Based on my recent NAS (Network Area Storage) purchase experience, I discovered a new kind of "hybrid" RAID technology called X-RAID from Infrant. X-RAID is Infrant Technologies patent-pending Expandable RAID technology, allowing users to add drives at their leisure into their NAS arrays. You can start with one disk with no resiliency and add a second disk later to gain disk failure protection. Add a third to automatically double the capacity while maintaining protection. Finally, add a fourth disk to triple the protected capacity, all without reconfiguring the system and without having to shuffle data in and out of the device. As described for their ReadyNAS product line:

• 1 Drive = NAS
• 2 Drives = NAS + RAID Protection
• 3 Drives = NAS + RAID Protection + Double Capacity
• 4 Drives = NAS + RAID Protection + Triple Capacity

Not only that, you can replace all four disks (one by one) to increase capacity, X-RAID do all the RAID level and data migration in the background so you still see just one volume with all your data intact, just with more free space.

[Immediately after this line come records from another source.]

(* Let $M$ be a finite rectangular monoid, $k$ a field which is a splitting field for the maximal subgroups of $M$, $X\in\Lambda(M)$, and $A$ a $k[G_X\times G_X^{op}]$-module regarded as an $M$-bimodule via $m\cdot a\cdot m'=\rho_X(m)a\rho_X(m')$. Then $H^1(M,A)\cong H^1(G_X,A)\oplus\mathrm{Hom}_{k[G_X\times G_X^{op}]}(V_{X,X},A)$. In particular, if the characteristic of $k$ does not divide $|G_X|$, then $H^1(M,A)\cong\mathrm{Hom}_{k[G_X\times G_X^{op}]}(V_{X,X},A)$.
   Context: $E(M)$ idempotents, $m^\omega$ idempotent power. $M$ rectangular: each $\{f\in E(M):MfM=MeM\}$ closed under multiplication. $\Lambda(M)$: ideals $MeM$, $e\in E(M)$; $\sigma(m)=Mm^\omega M$; $\sigma(m)\ge X$ means $X\subseteq\sigma(m)$; $\nabla X=\{m:X\not\subseteq MmM\}$. Fixed $e_X$ with $Me_XM=X$, $G_X$ the group of units of $e_XMe_X$, $\rho_X(m)=e_Xme_X$ if $\sigma(m)\ge X$ and $0$ otherwise. $I_X=e_XMe_X\setminus G_X$; $\sim$ is the least equivalence relation on $I_X$ such that $e_Xmne_X\sim e_Xme_Xne_X$ for all $m,n\in M$ with $\sigma(mn)\not\ge X$, and $z\sim z'$ for all $z,z'\in(\nabla X)(\nabla X)\cap I_X$. $V_{X,X}=kI_X/W_X$ where $W_X$ is spanned by $(\nabla X)(\nabla X)\cap I_X$ and all differences $m-n$ with $m\sim n$; it is a $G_X\times G_X^{op}$-module via left and right multiplication. $H^1(M,A)$ (resp. $H^1(G_X,A)$): derivations $d$ with $d(mn)=md(n)+d(m)n$ modulo inner derivations $m\mapsto ma-am$. *)

From HB Require Import structures.
From mathcomp Require Import all_boot all_order all_algebra.
From Stdlib Require Import Relations.
Set Implicit Arguments. Unset Strict Implicit. Unset Printing Implicit Defensive.
Import GRing.Theory.

#[short(type="finMonoidType")]
HB.structure Definition FinMonoid := {M of Monoid M & Finite M}.

Local Open Scope group_scope.

Section MonoidNotions.
Variable M : finMonoidType.
Implicit Types (m e f x y : M) (X : {set M}).

Definition idem e : bool := e * e == e.
Definition ideal m : {set M} := [set x * m * y | x : M, y : M].
Definition omega m : M := m ^+ (#|M|`!).
Definition sigma m : {set M} := ideal (omega m).
Definition rectangular : Prop :=
  forall e, idem e -> forall f g, idem f -> idem g ->
    ideal f = ideal e -> ideal g = ideal e -> idem (f * g) /\ ideal (f * g) = ideal e.
Definition inLambda X : Prop := exists e, idem e /\ X = ideal e.
Definition nabla X : {set M} := [set m | ~~ (X \subset ideal m)].
Definition nabla2 X : {set M} := [set a * b | a in nabla X, b in nabla X].
Definition corner e : {set M} := [set e * m * e | m : M].
Definition units e : {set M} :=
  [set u in corner e | [exists v in corner e, (u * v == e) && (v * u == e)]].
Definition Iset e : {set M} := corner e :\: units e.

Definition sim_gen X e (a b : M) : Prop :=
  a \in Iset e /\ b \in Iset e /\
  ((exists m n, ~~ (X \subset sigma (m * n)) /\ a = e * (m * n) * e /\ b = e * m * e * n * e)
   \/ (a \in nabla2 X /\ b \in nabla2 X)).
(** ~ : least equivalence relation generated (restricted to I_X, where all
    generators live) *)
Definition sim X e : relation M := clos_refl_sym_trans M (sim_gen X e).
End MonoidNotions.

Local Open Scope ring_scope.

Section Cohomology.
Variables (M : finMonoidType) (k : fieldType) (A : lmodType k).
Variables (X : {set M}) (eX : M) (L R : M -> A -> A).
Local Notation G := (units eX).
Local Notation I := (Iset eX).

(** A is a k[G x G^op]-module: L = left action, R = right action of G *)
Definition GGop_module : Prop :=
  (forall g, g \in G -> forall c a b, L g (c *: a + b) = c *: L g a + L g b) /\
  (forall g, g \in G -> forall c a b, R g (c *: a + b) = c *: R g a + R g b) /\
  (forall a, L eX a = a) /\ (forall a, R eX a = a) /\
  (forall g h, g \in G -> h \in G -> forall a, L (g * h)%g a = L g (L h a)) /\
  (forall g h, g \in G -> h \in G -> forall a, R (g * h)%g a = R h (R g a)) /\
  (forall g h, g \in G -> h \in G -> forall a, L g (R h a) = R h (L g a)).

Definition lact (m : M) (a : A) : A :=
  if X \subset sigma m then L (eX * m * eX)%g a else 0.
Definition ract (a : A) (m : M) : A :=
  if X \subset sigma m then R (eX * m * eX)%g a else 0.

Definition DerM (d : M -> A) : Prop :=
  forall m n, d (m * n)%g = lact m (d n) + ract (d m) n.
Definition InnM (d : M -> A) : Prop :=
  exists a, forall m, d m = lact m a - ract a m.
(** derivations / inner derivations of G_X (functions supported on G_X) *)
Definition DerG (d : M -> A) : Prop :=
  (forall x, x \notin G -> d x = 0) /\
  (forall g h, g \in G -> h \in G -> d (g * h)%g = L g (d h) + R h (d g)).
Definition InnG (d : M -> A) : Prop :=
  exists a, forall g, d g = if g \in G then L g a - R g a else 0.

(** Hom_{k[G x G^op]}(V_{X,X}, A), V_{X,X} = k I_X / W_X: a k-linear map out of
    k I_X / W_X is a function on the basis I_X (here: supported on I_X) killing
    the generators of W_X; equivariance for left/right multiplication. *)
Definition HomV (f : M -> A) : Prop :=
  (forall x, x \notin I -> f x = 0) /\
  (forall z, z \in I -> z \in nabla2 X -> f z = 0) /\
  (forall a b, sim X eX a b -> a \in I -> b \in I -> f a = f b) /\
  (forall g z, g \in G -> z \in I ->
      f (g * z)%g = L g (f z) /\ f (z * g)%g = R g (f z)).

(** H^1(M,A) ≅ H^1(G_X,A) ⊕ Hom(V,A), as k-vector spaces: a k-linear map
    Der(M,A) -> Der(G_X,A) x Hom(V,A) inducing a bijection
    Der(M,A)/Inn(M,A) -> Der(G_X,A)/Inn(G_X,A) x Hom(V,A). *)
Definition H1_iso_sum : Prop :=
  exists Phi : (M -> A) -> (M -> A) * (M -> A),
    (forall c d1 d2, DerM d1 -> DerM d2 -> forall x,
        (Phi (fun m => c *: d1 m + d2 m)).1 x = c *: (Phi d1).1 x + (Phi d2).1 x /\
        (Phi (fun m => c *: d1 m + d2 m)).2 x = c *: (Phi d1).2 x + (Phi d2).2 x) /\
    (forall d, DerM d -> DerG (Phi d).1 /\ HomV (Phi d).2) /\
    (forall d, DerM d -> ((InnG (Phi d).1 /\ forall x, (Phi d).2 x = 0) <-> InnM d)) /\
    (forall d' h, DerG d' -> HomV h ->
       exists d, DerM d /\ InnG (fun x => (Phi d).1 x - d' x) /\
                 forall x, (Phi d).2 x = h x).

Definition H1_iso_Hom : Prop :=
  exists Psi : (M -> A) -> (M -> A),
    (forall c d1 d2, DerM d1 -> DerM d2 -> forall x,
        Psi (fun m => c *: d1 m + d2 m) x = c *: Psi d1 x + Psi d2 x) /\
    (forall d, DerM d -> HomV (Psi d)) /\
    (forall d, DerM d -> ((forall x, Psi d x = 0) <-> InnM d)) /\
    (forall h, HomV h -> exists d, DerM d /\ forall x, Psi d x = h x).
End Cohomology.

Section Splitting.
Variables (M : finMonoidType) (k : fieldType).

Definition is_rep (e : M) n (rG : M -> 'M[k]_n) : Prop :=
  rG e = 1%:M /\
  forall x y, x \in units e -> y \in units e -> rG (x * y)%g = rG x *m rG y.
Definition rep_irreducible (e : M) n (rG : M -> 'M[k]_n) : Prop :=
  (0 < n)%N /\
  forall m (U : 'M[k]_(m, n)),
    (forall x, x \in units e -> (U *m rG x <= U)%MS) -> U != 0 -> row_full U.
(** enveloping algebra (as in mxrepresentation.v) and absolute irreducibility *)
Definition envelop (e : M) n (rG : M -> 'M[k]_n) : 'M[k]_(#|units e|, n * n) :=
  \matrix_(i < #|units e|) mxvec (rG (enum_val i)).
Definition rep_abs_irreducible (e : M) n (rG : M -> 'M[k]_n) : Prop :=
  (0 < n)%N /\ row_full (envelop e rG).
Definition splitting_field_maxsubgroups : Prop :=
  forall e : M, idem e -> forall n (rG : M -> 'M[k]_n),
    is_rep e rG -> rep_irreducible e rG -> rep_abs_irreducible e rG.
End Splitting.

(* Rectangularity makes e_X m e_X a unit of e_X M e_X exactly when sigma(m) >= X, and makes
   rho_X multiplicative on such m.  A derivation d of M satisfies d(e m e) = d(m), so it is
   determined by its restrictions to G_X and to I_X: the first is a derivation of G_X, the
   second vanishes on (nabla X)(nabla X), is constant on ~-classes (the generators of ~
   compare d(mn) with d(m) and d(n)) and is G_X-equivariant, i.e. is a homomorphism out of
   V_{X,X}; conversely any such pair glues to a derivation of M.  Inner derivations vanish
   on I_X and restrict to inner derivations of G_X.  If char k does not divide |G_X|,
   averaging over G_X shows that every derivation of G_X is inner. *)

From mathcomp Require Import all_boot all_order all_algebra.
From Stdlib Require Import Relations.
Set Implicit Arguments. Unset Strict Implicit. Unset Printing Implicit Defensive.
Import GRing.Theory.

There are 3 type of array implementations:

• Software-based arrays
  - Low price.
  - Only requires a standard controller.
• Bus-based array adapters/controllers
  - Requires a hardware controller to be hosted.
  - More robust fault-tolerant features.
  - Increased performance versus software-based RAID.
• Subsystem-based external array controllers
  - OS independent.
  - Dedicated high performance systems including large amount of cache.
  - Can support large amount of simultaneous host operations.
  - Super high-capacity storage systems for high-end servers.

There are many critics regarding software based RAID controllers but it is important to note that all RAID code is based on software. The difference among the solutions is where that software code is executed: on the host CPU (software-based arrays) or off-loaded to an on-board processor (bus-based and external array controllers). Software-based arrays will be performing as well/bad as the host server.